Intuitively this makes sense, it should be harder to make hard problems. However this does challenge one naive perception of how LLMs function. One might expect that an LLM's success on a task depends on how many related instances of the task are in its training data (I certainly thought that for a while). However, for every div 2. A problem there is a div 2. E problem and a tutorial to go along with it and Claude 3.7 has no problem writing div 2. A problems but struggles writing div 2. E problems.

Does someone have a clean explanation for why the naive perception of LLMs fails?

Has anyone prompted an LLM to ask an interesting and novel question?

[-]CapResearcher4mo43

One might expect that an LLM's success on a task depends on how many related instances of the task are in its training data (I certainly thought that for a while).

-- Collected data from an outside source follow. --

(* Let $a,b,c>0$ and consider the cubic polynomial $p_3(\lambda)=\lambda^3-b\lambda^2-(a+c)\lambda+cb$. Then $p_3$ has three distinct real roots $\lambda_0,\lambda_1,\lambda_2$ with the following properties: (1) they are given by $$\lambda_k=2\sqrt{\frac{3(a+c)+b^2}{9}}\cos\Big(\frac{\theta}{3}+\frac{2k\pi}{3}\Big)+\frac b3,\quad k=0,1,2,\qquad \cos\theta=\frac b2\,\frac{2b^2+9(a+c)-27c}{(3(a+c)+b^2)^{3/2}},\ \theta\in[0,\pi];$$ (2) $\lambda_0\in(\max(b,\sqrt c),+\infty)$, $\lambda_1\in(-\infty,-\sqrt c)$, $\lambda_2\in(0,\min(b,\sqrt c))$; (3) $b=\lambda_0+\lambda_1+\lambda_2$, $a+c=-(\lambda_1\lambda_2+\lambda_0\lambda_1+\lambda_0\lambda_2)$, $cb=-\lambda_0\lambda_1\lambda_2$; (4) $c-\lambda_0^2<0$, $c-\lambda_1^2<0$, $c-\lambda_2^2>0$, and $\lambda_2<|\lambda_1|<\lambda_0$. *)

From Stdlib Require Import Reals Lra.
Open Scope R_scope.

Definition p3 (a b c x : R) : R := x ^ 3 - b * x ^ 2 - (a + c) * x + c * b.

Definition lam (a b c theta : R) (k : nat) : R :=
  2 * sqrt ((3 * (a + c) + b ^ 2) / 9) * cos (theta / 3 + 2 * INR k * PI / 3) + b / 3.

From Stdlib Require Import Reals Lra.
Open Scope R_scope.

(* The values p3(-sqrt c) = a sqrt c, p3 0 = c b, p3(sqrt c) = -a sqrt c and
   p3 b = -a b, together with the limits at -oo and +oo, give three sign
   changes of p3, hence three real roots in the stated intervals; Vieta's
   formulas follow from their distinctness.  Writing 9 m^2 = 3(a+c) + b^2 and
   N = b (2b^2 + 9(a+c) - 27c), so that cos theta = N / (54 m^3), the
   substitution x = 2 m cos phi + b/3 turns p3 into 2 m^3 cos (3 phi) - N/27 by
   the triple-angle formula; hence every phi with cos (3 phi) = cos theta gives
   a root.  Such a theta exists because 4 (9 m^2)^3 - N^2 is 27 times the
   product of the squared differences of the roots, which forces
   |cos theta| < 1.  Comparing the three cosines with -1/2 and 1/2 sorts the
   trigonometric roots, which identifies them with the roots found before. *)

Lemma p3_continuous a b c : continuity (p3 a b c).
Proof. unfold p3. apply derivable_continuous. reg. Qed.

Lemma IVT_open f x y :
  continuity f -> x < y -> f x * f y < 0 -> exists z, x < z < y /\ f z = 0.
Proof.
  intros Hf Hxy Hsign.
  destruct (IVT_cor f x y Hf (Rlt_le _ _ Hxy) (Rlt_le _ _ Hsign)) as [z [Hz Hfz]].
  assert (z <> x) by (intros ->; rewrite Hfz, Rmult_0_l in Hsign; lra).
  assert (z <> y) by (intros ->; rewrite Hfz, Rmult_0_r in Hsign; lra).
  exists z. split; [lra | exact Hfz].
Qed.

Lemma mult_sub_eq0_r u v w : (u - v) * w = 0 -> u <> v -> w = 0.
Proof.
  intros Hprod Huv. destruct (Rmult_integral _ _ Hprod) as [H | H]; [lra | exact H].
Qed.

Lemma p3_vieta a b c r0 r1 r2 :
  p3 a b c r0 = 0 -> p3 a b c r1 = 0 -> p3 a b c r2 = 0 ->
  r0 <> r1 -> r0 <> r2 -> r1 <> r2 ->
  b = r0 + r1 + r2 /\ a + c = - (r1 * r2 + r0 * r1 + r0 * r2) /\
  c * b = - (r0 * r1 * r2).
Proof.
  intros H0 H1 H2 n01 n02 n12.
  set (q x y := x ^ 2 + x * y + y ^ 2 - b * (x + y) - (a + c)).
  assert (Hq : forall x y, p3 a b c x - p3 a b c y = (x - y) * q x y)
    by (intros; unfold p3, q; ring).
  assert (Q01 : q r0 r1 = 0).
  { apply (mult_sub_eq0_r r0 r1); [rewrite <- Hq, H0, H1; ring | exact n01]. }
  assert (Q02 : q r0 r2 = 0).
  { apply (mult_sub_eq0_r r0 r2); [rewrite <- Hq, H0, H2; ring | exact n02]. }
  assert (Hb : b = r0 + r1 + r2).
  { assert (Hdiff : (r1 - r2) * (r0 + r1 + r2 - b) = 0)
      by (transitivity (q r0 r1 - q r0 r2); [unfold q; ring | lra]).
    pose proof (mult_sub_eq0_r _ _ _ Hdiff n12). lra. }
  assert (Hac : a + c = - (r1 * r2 + r0 * r1 + r0 * r2))
    by (unfold q in Q01; rewrite Hb in Q01; lra).
  split; [exact Hb | split; [exact Hac |]].
  replace (c * b) with (b * r0 ^ 2 + (a + c) * r0 - r0 ^ 3) by (unfold p3 in H0; lra).
  rewrite Hac, Hb. ring.
Qed.

Lemma p3_root_cases a b c r0 r1 r2 x :
  p3 a b c r0 = 0 -> p3 a b c r1 = 0 -> p3 a b c r2 = 0 ->
  r0 <> r1 -> r0 <> r2 -> r1 <> r2 ->
  p3 a b c x = 0 -> x = r0 \/ x = r1 \/ x = r2.
Proof.
  intros H0 H1 H2 n01 n02 n12 Hx.
  destruct (p3_vieta a b c r0 r1 r2 H0 H1 H2 n01 n02 n12) as (Hb & Hac & Hcb).
  assert (Hfactor : (x - r0) * (x - r1) * (x - r2) = 0)
    by (rewrite <- Hx; unfold p3; rewrite Hcb, Hac, Hb; ring).
  destruct (Rmult_integral _ _ Hfactor) as [H | H];
    [destruct (Rmult_integral _ _ H) as [H' | H'] |]; lra.
Qed.

Lemma p3_sorted_roots_unique a b c r0 r1 r2 s0 s1 s2 :
  p3 a b c r0 = 0 -> p3 a b c r1 = 0 -> p3 a b c r2 = 0 -> r1 < r2 < r0 ->
  p3 a b c s0 = 0 -> p3 a b c s1 = 0 -> p3 a b c s2 = 0 -> s1 < s2 < s0 ->
  s0 = r0 /\ s1 = r1 /\ s2 = r2.
Proof.
  intros H0 H1 H2 Hr S0 S1 S2 Hs.
  assert (Hcases : forall x, p3 a b c x = 0 -> x = r0 \/ x = r1 \/ x = r2)
    by (intros x; apply p3_root_cases; auto; lra).
  destruct (Hcases _ S0) as [E0 | [E0 | E0]];
    destruct (Hcases _ S1) as [E1 | [E1 | E1]];
    destruct (Hcases _ S2) as [E2 | [E2 | E2]]; lra.
Qed.

Lemma p3_at_b a b c : p3 a b c b = - (a * b).
Proof. unfold p3. ring. Qed.

Lemma p3_at_sqrt a b c : 0 <= c -> p3 a b c (sqrt c) = - (a * sqrt c).
Proof.
  intros hc. pose proof (pow2_sqrt c hc) as Hsq. unfold p3.
  replace (sqrt c ^ 3) with (sqrt c ^ 2 * sqrt c) by ring. rewrite Hsq. ring.
Qed.

Lemma p3_at_opp_sqrt a b c : 0 <= c -> p3 a b c (- sqrt c) = a * sqrt c.
Proof.
  intros hc. pose proof (pow2_sqrt c hc) as Hsq. unfold p3.
  replace ((- sqrt c) ^ 3) with (- (sqrt c ^ 2 * sqrt c)) by ring.
  replace ((- sqrt c) ^ 2) with (sqrt c ^ 2) by ring. rewrite Hsq. ring.
Qed.

Section RootLocation.

Variables a b c : R.
Hypotheses (ha : 0 < a) (hb : 0 < b) (hc : 0 < c).

Lemma p3_neg_at_b_sqrt x : x = b \/ x = sqrt c -> p3 a b c x < 0.
Proof.
  pose proof (sqrt_lt_R0 c hc).
  intros [-> | ->]; [rewrite p3_at_b | rewrite p3_at_sqrt by lra]; nra.
Qed.

Lemma p3_three_roots :
  exists r0 r1 r2,
    p3 a b c r0 = 0 /\ p3 a b c r1 = 0 /\ p3 a b c r2 = 0 /\
    r1 < - sqrt c /\ 0 < r2 < Rmin b (sqrt c) /\ Rmax b (sqrt c) < r0.
Proof.
  set (q := sqrt c).
  assert (hq : 0 < q) by apply (sqrt_lt_R0 c hc).
  assert (hqq : q ^ 2 = c) by apply (pow2_sqrt c), Rlt_le, hc.
  set (Y := 1 + a + c + q).
  assert (Pleft : p3 a b c (- Y) < 0).
  { assert (Y ^ 2 > Y) by (unfold Y; nra).
    assert (Y > a + c) by (unfold Y; lra).
    replace (p3 a b c (- Y)) with (- Y * (Y ^ 2 - (a + c)) + b * (c - Y ^ 2))
      by (unfold p3; ring).
    assert (0 < Y * (Y ^ 2 - (a + c))) by (apply Rmult_lt_0_compat; lra).
    assert (b * (c - Y ^ 2) < 0) by (apply Rmult_pos_neg; lra).
    lra. }
  set (X := 1 + a + b + c + q).
  assert (Pright : 0 < p3 a b c X).
  { assert (X ^ 2 > X) by (unfold X; nra).
    replace (p3 a b c X) with (X ^ 2 * (X - b) - (a + c) * X + c * b)
      by (unfold p3; ring).
    replace (X - b) with (1 + a + c + q) by (unfold X; ring).
    assert (X ^ 2 * (1 + a + c + q) > X * (a + c)) by (unfold X in *; nra).
    assert (0 < c * b) by (apply Rmult_lt_0_compat; lra).
    lra. }
  assert (Pmq : 0 < p3 a b c (- q))
    by (unfold q; rewrite p3_at_opp_sqrt by lra; fold q; apply Rmult_lt_0_compat; lra).
  assert (P0 : 0 < p3 a b c 0)
    by (unfold p3; ring_simplify; apply Rmult_lt_0_compat; lra).
  assert (Pmin : p3 a b c (Rmin b q) < 0)
    by (apply Rmin_case; apply p3_neg_at_b_sqrt; auto).
  assert (Pmax : p3 a b c (Rmax b q) < 0)
    by (apply Rmax_case; apply p3_neg_at_b_sqrt; auto).
  destruct (IVT_open (p3 a b c) (- Y) (- q)) as (r1 & Hr1 & E1);
    [apply p3_continuous | unfold Y; lra | nra |].
  destruct (IVT_open (p3 a b c) 0 (Rmin b q)) as (r2 & Hr2 & E2);
    [apply p3_continuous | apply Rmin_glb_lt; lra | nra |].
  destruct (IVT_open (p3 a b c) (Rmax b q) X) as (r0 & Hr0 & E0);
    [apply p3_continuous | apply Rmax_lub_lt; unfold X; lra | nra |].
  exists r0, r1, r2. repeat split; (assumption || lra).
Qed.

End RootLocation.

Lemma cos_3x x : cos (3 * x) = 4 * cos x ^ 3 - 3 * cos x.
Proof.
  replace (3 * x) with (2 * x + x) by ring.
  rewrite cos_plus, cos_2a_cos, sin_2a.
  pose proof (sin2_cos2 x) as H. unfold Rsqr in H.
  replace (2 * sin x * cos x * sin x) with (2 * cos x * (sin x * sin x)) by ring.
  replace (sin x * sin x) with (1 - cos x * cos x) by lra.
  ring.
Qed.

Lemma cos_2PI3 : cos (2 * PI / 3) = - (1 / 2).
Proof.
  replace (2 * PI / 3) with (PI - PI / 3) by field.
  rewrite Rtrigo_facts.cos_pi_minus, cos_PI3. reflexivity.
Qed.

Lemma cos_third_bounds theta : 0 < theta < PI ->
  1 / 2 < cos (theta / 3) /\
  cos (theta / 3 + 2 * PI / 3) < - (1 / 2) /\
  - (1 / 2) < cos (theta / 3 + 4 * PI / 3) < 1 / 2.
Proof.
  intros Hth. pose proof PI_RGT_0.
  replace (theta / 3 + 4 * PI / 3) with ((theta / 3 + PI / 3) + PI) by field.
  rewrite neg_cos.
  split; [rewrite <- cos_PI3; apply cos_decreasing_1; lra |].
  split; [rewrite <- cos_2PI3; apply cos_decreasing_1; lra |].
  split.
  - apply Ropp_lt_contravar. rewrite <- cos_PI3. apply cos_decreasing_1; lra.
  - rewrite <- (Ropp_involutive (1 / 2)). apply Ropp_lt_contravar.
    rewrite <- cos_2PI3. apply cos_decreasing_1; lra.
Qed.

Lemma Rpower_3_2 x : 0 < x -> Rpower x (3 / 2) = x * sqrt x.
Proof.
  intros hx. replace (3 / 2) with (1 + / 2) by field.
  rewrite Rpower_plus, Rpower_1, Rpower_sqrt; auto.
Qed.

Definition cos_theta (a b c : R) : R :=
  b / 2 * (2 * b ^ 2 + 9 * (a + c) - 27 * c) / Rpower (3 * (a + c) + b ^ 2) (3 / 2).

Section Trigonometric.

Variables a b c : R.

Let S := 3 * (a + c) + b ^ 2.
Let m := sqrt (S / 9).
Let N := 2 * b ^ 3 + 9 * b * (a + c) - 27 * (c * b).

Lemma radius_sq : 0 < S -> 9 * m ^ 2 = S.
Proof. intros HS. unfold m. rewrite pow2_sqrt; lra. Qed.

Lemma p3_shift r t : 9 * r ^ 2 = S ->
  p3 a b c (2 * r * t + b / 3) = 2 * r ^ 3 * (4 * t ^ 3 - 3 * t) - N / 27.
Proof.
  intros Hr. assert (Hac : a + c = (9 * r ^ 2 - b ^ 2) / 3) by (unfold S in Hr; lra).
  unfold p3, N. rewrite Hac. field.
Qed.

Lemma cos_theta_scaled : 0 < S -> cos_theta a b c * (54 * m ^ 3) = N.
Proof.
  intros HS.
  assert (Hm : 0 < m) by (apply sqrt_lt_R0; lra).
  assert (HsqrtS : sqrt S = 3 * m)
    by (rewrite <- (radius_sq HS), <- sqrt_pow2 by lra; f_equal; ring).
  unfold cos_theta. fold S. rewrite Rpower_3_2, HsqrtS, <- (radius_sq HS) by exact HS.
  unfold N. field. lra.
Qed.

Lemma cubic_discriminant r0 r1 r2 :
  b = r0 + r1 + r2 -> a + c = - (r1 * r2 + r0 * r1 + r0 * r2) ->
  c * b = - (r0 * r1 * r2) ->
  4 * S ^ 3 - N ^ 2 = 27 * ((r0 - r1) * (r0 - r2) * (r1 - r2)) ^ 2.
Proof. intros Hb Hac Hcb. unfold S, N. rewrite Hcb, Hac, Hb. ring. Qed.

Lemma cos_theta_bounds r0 r1 r2 : 0 < S ->
  p3 a b c r0 = 0 -> p3 a b c r1 = 0 -> p3 a b c r2 = 0 ->
  r0 <> r1 -> r0 <> r2 -> r1 <> r2 ->
  -1 < cos_theta a b c < 1.
Proof.
  intros HS H0 H1 H2 n01 n02 n12.
  destruct (p3_vieta a b c r0 r1 r2 H0 H1 H2 n01 n02 n12) as (Hb & Hac & Hcb).
  pose proof (cubic_discriminant r0 r1 r2 Hb Hac Hcb) as Hdisc.
  assert (Hdiff : (r0 - r1) * (r0 - r2) * (r1 - r2) <> 0)
    by (repeat apply Rmult_integral_contrapositive_currified; lra).
  pose proof (Rsqr_pos_lt _ Hdiff) as Hdiff2. rewrite Rsqr_pow2 in Hdiff2.
  assert (Hm : 0 < m) by (apply sqrt_lt_R0; lra).
  assert (Hm6 : 0 < m ^ 6) by (apply pow_lt, Hm).
  rewrite <- (cos_theta_scaled HS), <- (radius_sq HS) in Hdisc.
  set (k := cos_theta a b c) in *.
  assert (Hk2 : k ^ 2 < 1) by nra.
  split; nra.
Qed.

Lemma lam_root theta k : 0 < S -> cos theta = cos_theta a b c ->
  p3 a b c (lam a b c theta k) = 0.
Proof.
  intros HS Hcos. unfold lam. fold S m.
  rewrite (p3_shift m) by exact (radius_sq HS).
  rewrite <- cos_3x.
  replace (3 * (theta / 3 + 2 * INR k * PI / 3)) with (theta + 2 * INR k * PI) by field.
  rewrite cos_period, Hcos.
  pose proof (cos_theta_scaled HS). lra.
Qed.

Lemma lam_sorted theta : 0 < S -> 0 < theta < PI ->
  lam a b c theta 1 < lam a b c theta 2 < lam a b c theta 0.
Proof.
  intros HS Hth. destruct (cos_third_bounds theta Hth) as (C0 & C1 & C2).
  assert (Hm : 0 < m) by (apply sqrt_lt_R0; lra).
  unfold lam. fold S m.
  replace (theta / 3 + 2 * INR 0 * PI / 3) with (theta / 3) by (simpl; field).
  replace (theta / 3 + 2 * INR 1 * PI / 3) with (theta / 3 + 2 * PI / 3) by (simpl; field).
  replace (theta / 3 + 2 * INR 2 * PI / 3) with (theta / 3 + 4 * PI / 3) by (simpl; field).
  split; nra.
Qed.

End Trigonometric.

Theorem proposition1 (a b c : R) (ha : 0 < a) (hb : 0 < b) (hc : 0 < c) :
  exists (theta l0 l1 l2 : R),
    (* three distinct real roots, and they are all the roots *)
    p3 a b c l0 = 0 /\ p3 a b c l1 = 0 /\ p3 a b c l2 = 0 /\
    l0 <> l1 /\ l0 <> l2 /\ l1 <> l2 /\
    (forall x, p3 a b c x = 0 -> x = l0 \/ x = l1 \/ x = l2) /\
    (* (1) trigonometric formula *)
    0 <= theta <= PI /\
    cos theta = b / 2 * (2 * b ^ 2 + 9 * (a + c) - 27 * c)
                / Rpower (3 * (a + c) + b ^ 2) (3 / 2) /\
    l0 = lam a b c theta 0 /\ l1 = lam a b c theta 1 /\ l2 = lam a b c theta 2 /\
    (* (2) location *)
    Rmax b (sqrt c) < l0 /\ l1 < - sqrt c /\ 0 < l2 < Rmin b (sqrt c) /\
    (* (3) Vieta *)
    b = l0 + l1 + l2 /\
    a + c = - (l1 * l2 + l0 * l1 + l0 * l2) /\
    c * b = - (l0 * l1 * l2) /\
    (* (4) *)
    c - l0 ^ 2 < 0 /\ c - l1 ^ 2 < 0 /\ c - l2 ^ 2 > 0 /\
    l2 < Rabs l1 < l0.
Proof.
  destruct (p3_three_roots a b c ha hb hc) as (r0 & r1 & r2 & H0 & H1 & H2 & L1 & L2 & L0).
  pose proof (sqrt_lt_R0 c hc). pose proof (pow2_sqrt c (Rlt_le _ _ hc)).
  pose proof (Rmin_l b (sqrt c)). pose proof (Rmin_r b (sqrt c)).
  pose proof (Rmax_l b (sqrt c)). pose proof (Rmax_r b (sqrt c)).
  assert (n01 : r0 <> r1) by lra. assert (n02 : r0 <> r2) by lra.
  assert (n12 : r1 <> r2) by lra.
  destruct (p3_vieta a b c r0 r1 r2 H0 H1 H2 n01 n02 n12) as (Vb & Vac & Vcb).
  assert (HS : 0 < 3 * (a + c) + b ^ 2) by nra.
  set (theta := acos (cos_theta a b c)).
  pose proof (cos_theta_bounds a b c r0 r1 r2 HS H0 H1 H2 n01 n02 n12) as Hk.
  assert (Hth : 0 < theta < PI) by exact (acos_bound_lt _ Hk).
  assert (Hcos : cos theta = cos_theta a b c) by (apply cos_acos; lra).
  assert (Hlam : forall k, p3 a b c (lam a b c theta k) = 0)
    by (intros k; apply lam_root; assumption).
  destruct (p3_sorted_roots_unique a b c r0 r1 r2 _ _ _ H0 H1 H2 ltac:(lra)
              (Hlam 0%nat) (Hlam 1%nat) (Hlam 2%nat) (lam_sorted a b c theta HS Hth))
    as (E0 & E1 & E2).
  exists theta, r0, r1, r2. rewrite Rabs_left by lra.
  repeat split; try assumption; try lra; try nra.
  intros x; apply p3_root_cases; assumption.
Qed.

However, for every div 2. A problem there is a div 2. E problem and a tutorial to go along with it and Claude 3.7 has no problem writing div 2. A problems but struggles writing div 2. E problems.

You seem to be hinting that there are as many div 2. E-difficulty problems as there are div 2. A-difficulty problems in Claude's training data. While this might be approximately true for codeforces, it is certainly not true for the wider internet. The "Balanced Delivery Routes" problem has appeared many times outside of codeforces.

I suspect Claude vaguely remembered that such a problem is nice and solvable, and then spent its effort on changing the story instead of the core problem.

When you pressed it to make a harder problems, it took a classical problem: finding the path with largest minimum edge weight, and used several modifiers to make it harder:

k-th minimum instead of just minimum,
Multiple queries,
Updates between queries.

However, Claude did not properly verify that these modifiers kept the problem solvable, so it went way overboard. Even the sub-problem of checking if there exists a simple path through a given edge is fairly involved, so I strongly doubt that the full problem is solvable with the given constraints.

Problem authors typically perform many iterations of coming up with problem candidates and checking if they are solvable, before finding a good problem. I don't think Claude can autonomously complete this loop yet, especially for hard problems.